Le istituzioni non hanno la bacchetta magica: ricordiamoci che sono fatte da persone che andrebbero, anche e soprattutto, meglio educate, sensibilizzate. E non è facile in un Paese che manda messaggi stereotipati e fuorvianti attraverso i media e attraverso le sue agenzie educative, anche quelle religiose e la nostra [la religione cattolica, ndr] in particolare. Viviamo in un paese patriarcale, dove il maschilismo impera sotto ogni forma, col placido , ingenuo e spesso complice consenso di molte donne. Non a caso Stefania, nell’esordio dei suoi articoli, appena diciottenne, dedicava le sue prime righe “soprattutto a quelle donne che si sono arrese”. Ribadisco: è alla famiglia e alla scuola che viene affidato il compito e lo sforzo principale, quello di gettare nuove basi di convivenza. Si possono praticare piccole rivoluzioni copernicane, a scuola come in famiglia, smettendo ad esempio di fare rimproveri ai nostri figli dicendo “smettila di piangere come una femminuccia” o fare altri ammonimenti con un chiaro riferimento discriminatorio nei comportamenti di stampo sessista. Parimenti si dovrebbe smettere di nutrire aspettative da macho nei confronti dei bambini, spronando in loro atteggiamenti protettivi e da duri nei confronti delle femminucce. Questi sono, a mio avviso, gli stereotipi da combattere, insieme a tutto il linguaggio che si è sviluppato attorno a questa concezione discriminatoria e discriminante della società. Il campo è davvero vasto e il cammino piuttosto lungo, mi rendo conto. Pur tuttavia voglio credere in una svolta e le premesse mi sembra che ci siano. Almeno un poco.
Che padre sei stato e che rapporto avevi con tua figlia?

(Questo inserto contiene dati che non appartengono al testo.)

(* Let $\mathcal O$ be a phylogenetic quiver and let $A$ be a regular vertex of $\mathcal O$. Then the clade $\mathcal O_A$ is a phylogenetic quiver.
   Context: A quiver consists of a class of vertices and, for each ordered pair of vertices $(A,B)$, a set of edges $A\to B$ (loops and multiple edges allowed). An evolution of length $m\ge 0$ is a sequence $A_0\leftarrow A_1\leftarrow\cdots\leftarrow A_m$ of vertices together with edges $A_k\to A_{k-1}$ ($1\le k\le m$); $A_0$ is its initial and $A_m$ its terminal vertex. Write $A\le B$ ($A$ is an ancestor of $B$, $B$ a descendant of $A$) if there is an evolution with initial vertex $A$ and terminal vertex $B$; $A,B$ are isotypic ($A\sim B$) if $A\le B$ and $B\le A$. A vertex $A$ is primitive if every ancestor of $A$ is isotypic to $A$. A full evolution for $X$ is an evolution with primitive initial vertex and terminal vertex $X$. The height $h(X)$ is the smallest length of a full evolution for $X$ ($h(X)=\infty$ if none exists). An evolution $\alpha=(A_0\leftarrow\cdots\leftarrow A_m)$ embeds in $\beta=(B_0\leftarrow\cdots\leftarrow B_n)$ if $m\le n$ and there are integers $0\le r_0<r_1<\cdots<r_m\le n$ with $A_k\sim B_{r_k}$ for all $k$. A universal evolution for $X$ is a full evolution for $X$ that embeds in every full evolution for $X$; $X$ is phylogenetic if it has a universal evolution. A quiver is monotonous if $h(A)\ge h(B)$ for every edge $A\to B$; it is small if the isotypy classes of its vertices form a set; it is phylogenetic if it is small, monotonous, and all its vertices are phylogenetic. The clade $\mathcal O_A$ of a vertex $A$ is the quiver formed by all descendants of $A$ in $\mathcal O$ and all edges of $\mathcal O$ between them; heights, primitivity etc. in $\mathcal O_A$ are computed within $\mathcal O_A$. A vertex $A$ is regular if for every $B$ in $\mathcal O_A$ with $h(B)=h(A)$ there is an edge $B\to A$ in $\mathcal O$. *)

From Stdlib Require Import Arith.

Record Quiver := {
  qV : Type;
  qE : qV -> qV -> Type
}.

(* An evolution A_0 <- A_1 <- ... <- A_m : a length m, the vertices
   ev_v 0, ..., ev_v m (values beyond m are irrelevant), and edges
   A_k -> A_{k-1} for 1 <= k <= m. *)
Record evolution (Q : Quiver) := {
  ev_len : nat;
  ev_v : nat -> qV Q;
  ev_e : forall k, 1 <= k <= ev_len -> qE Q (ev_v k) (ev_v (k - 1))
}.
Arguments ev_len {Q} _.
Arguments ev_v {Q} _ _.

Definition initial {Q} (a : evolution Q) : qV Q := ev_v a 0.
Definition terminal {Q} (a : evolution Q) : qV Q := ev_v a (ev_len a).

Definition ancestor (Q : Quiver) (A B : qV Q) : Prop :=
  exists a : evolution Q, initial a = A /\ terminal a = B.

Definition isotypic (Q : Quiver) (A B : qV Q) : Prop :=
  ancestor Q A B /\ ancestor Q B A.

Definition primitive (Q : Quiver) (A : qV Q) : Prop :=
  forall B, ancestor Q B A -> isotypic Q B A.

Definition full_evolution (Q : Quiver) (X : qV Q) (a : evolution Q) : Prop :=
  primitive Q (initial a) /\ terminal a = X.

(* has_height Q X h : h(X) = h, where None stands for infinity. *)
Definition has_height (Q : Quiver) (X : qV Q) (h : option nat) : Prop :=
  match h with
  | Some n =>
      (exists a, full_evolution Q X a /\ ev_len a = n) /\
      (forall a, full_evolution Q X a -> n <= ev_len a)
  | None => forall a, ~ full_evolution Q X a
  end.

Definition le_ext (x y : option nat) : Prop :=
  match x, y with
  | _, None => True
  | None, Some _ => False
  | Some m, Some n => m <= n
  end.

Definition embeds (Q : Quiver) (a b : evolution Q) : Prop :=
  ev_len a <= ev_len b /\
  exists r : nat -> nat,
    (forall k, k < ev_len a -> r k < r (S k)) /\
    r (ev_len a) <= ev_len b /\
    (forall k, k <= ev_len a -> isotypic Q (ev_v a k) (ev_v b (r k))).

Definition universal_evolution (Q : Quiver) (X : qV Q) (a : evolution Q) : Prop :=
  full_evolution Q X a /\ forall b, full_evolution Q X b -> embeds Q a b.

Definition phylogenetic_vertex (Q : Quiver) (X : qV Q) : Prop :=
  exists a, universal_evolution Q X a.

Purtroppo non abbiamo convissuto per tutto il tempo della sua crescita. Alcune vicende della vita ci hanno separato per qualche tempo. Cionondimeno credo di essere riuscito a imbastire con lei un rapporto più che accettabile, anche grazie al lavoro della madre. Con Stefania si poteva parlare di tutto, e quando dico tutto non escludo proprio nulla, tabù compresi. La consideravo davvero la mia proiezione nel futuro, quello che ciascun genitore vorrebbe, insomma. E senza compromettere nulla della natura. Per me è stata una figlia, d’accordo. Ma ancor di più una sorella. A volte anche una madre. Volentieri era amica e, comunque sempre compagna. A tutto tondo. Così, per quanto mi riguarda, mi piace ricordarla. E mi manca tanto proprio per questo.
Per concludere, è da poco uscito un libro che racconta la storia di tua figlia. Lo hai già letto?

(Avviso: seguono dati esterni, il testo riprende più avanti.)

Definition cross_edges : {set V * V} :=
  [set p in g | [&& ~~ isY s p.1, ~~ isY s p.2 & patch_key p.1 != patch_key p.2]].

Definition patch_graph : {set {set V} * {set V}} :=
  [set (patch_of p.1, patch_of p.2) | p in cross_edges].

Definition patch_core (B : {set V}) : {set V} := [set v in B | ~~ isY s v && ~~ has_Yleaf v].

Definition tuft_at (v : V) : {set V} := v |: [set w | isY s w && ((v, w) \in g)].

Definition patch_tufts (B : {set V}) : {set {set V}} :=
  [set tuft_at v | v in [set v in B | ~~ isY s v && has_Yleaf v]].

Definition decompose : MPraw V :=
  MPRaw patches patch_graph
    [ffun B => if B \in patches then (patch_core B, patch_tufts B) else (set0, set0)].

Lemma patch_key_notY v : ~~ isY s v -> patch_key v = inner_cnbh v.
Proof. by rewrite /patch_key => /negbTE ->. Qed.

Lemma patch_key_isY v :
  isY s v -> patch_key v = [set w | [exists x in inner_cnbh v, w \in inner_cnbh x]].
Proof. by rewrite /patch_key => ->. Qed.

Lemma patchesE : patches = [set patch_of v | v in [set: V]].
Proof. by []. Qed.

End Decompose.

Section Assemble.
Variables (V : finType) (s : V -> 'I_3) (r : MPraw V).

Definition tuft_of (u : V) : {set V} :=
  pblock (mp_pdata r (pblock (mp_blocks r) u)).2 u.

Definition assemble_adj (u v : V) : bool :=
  [|| [&& ~~ isY s u, ~~ isY s v &
        (pblock (mp_blocks r) u == pblock (mp_blocks r) v) ||
        ((pblock (mp_blocks r) u, pblock (mp_blocks r) v) \in mp_graph r)],
      [&& isY s u, ~~ isY s v & v \in tuft_of u]
    | [&& ~~ isY s u, isY s v & u \in tuft_of v]].

Definition assemble : {set V * V} := [set p | (p.1 != p.2) && assemble_adj p.1 p.2].

End Assemble.

Definition complete_graph (V : finType) : {set V * V} := [set p | p.1 != p.2].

Sono tante le iniziative che sono sorte e continuano a proporsi spontaneamente in memoria e in ricordo di Stefania. Ventiquattro anni vissuti in assoluta solare libertà in un anonimo angolo del profondo sud. Credo sia stato questo, in qualche modo, a fare interessare di lei. Serena Maiorana, l’autrice del libro, ha l’età di Stefania. Non la conoscevo, ma quando l’ho incontrata e conosciuta, su proposta della nostra consulente legale, io e la mamma di Stefania non abbiamo saputo dire di no, ascoltate anche le intenzioni e le motivazioni sottese. Abbiamo letto le bozze in pre-stampa e abbiamo, nei limiti, supervisionato, corretto e consigliato. Lo trovo un ottimo omaggio alla sua figura e credo potrà, insieme ad altre iniziative, contribuire alla formazione di una nuova cultura del vivere. Ci tengo comunque a precisare che né io, né la mamma di Stefania abbiamo un interesse economico nell’uscita del libro. Abbiamo solo dato la nostra testimonianza e l’autorizzazione, assieme a qualche altro caro amico e conoscente. Tutto qui. Il libro sta avendo un buon successo editoriale e questo, ovviamente, mi fa molto piacere.
E’ passato quasi un anno dalla prima volta che incontrai Ninni Noce. E lo trovo un uomo più forte, che ha guardato in faccia il suo dolore, non senza difficoltà. E Stefania, caro Ninni, mancherà anche a noi, che abbiamo ancora bisogno di donne forti come tua figlia. Per continuare a sperare che si possa essere donne e uomini migliori.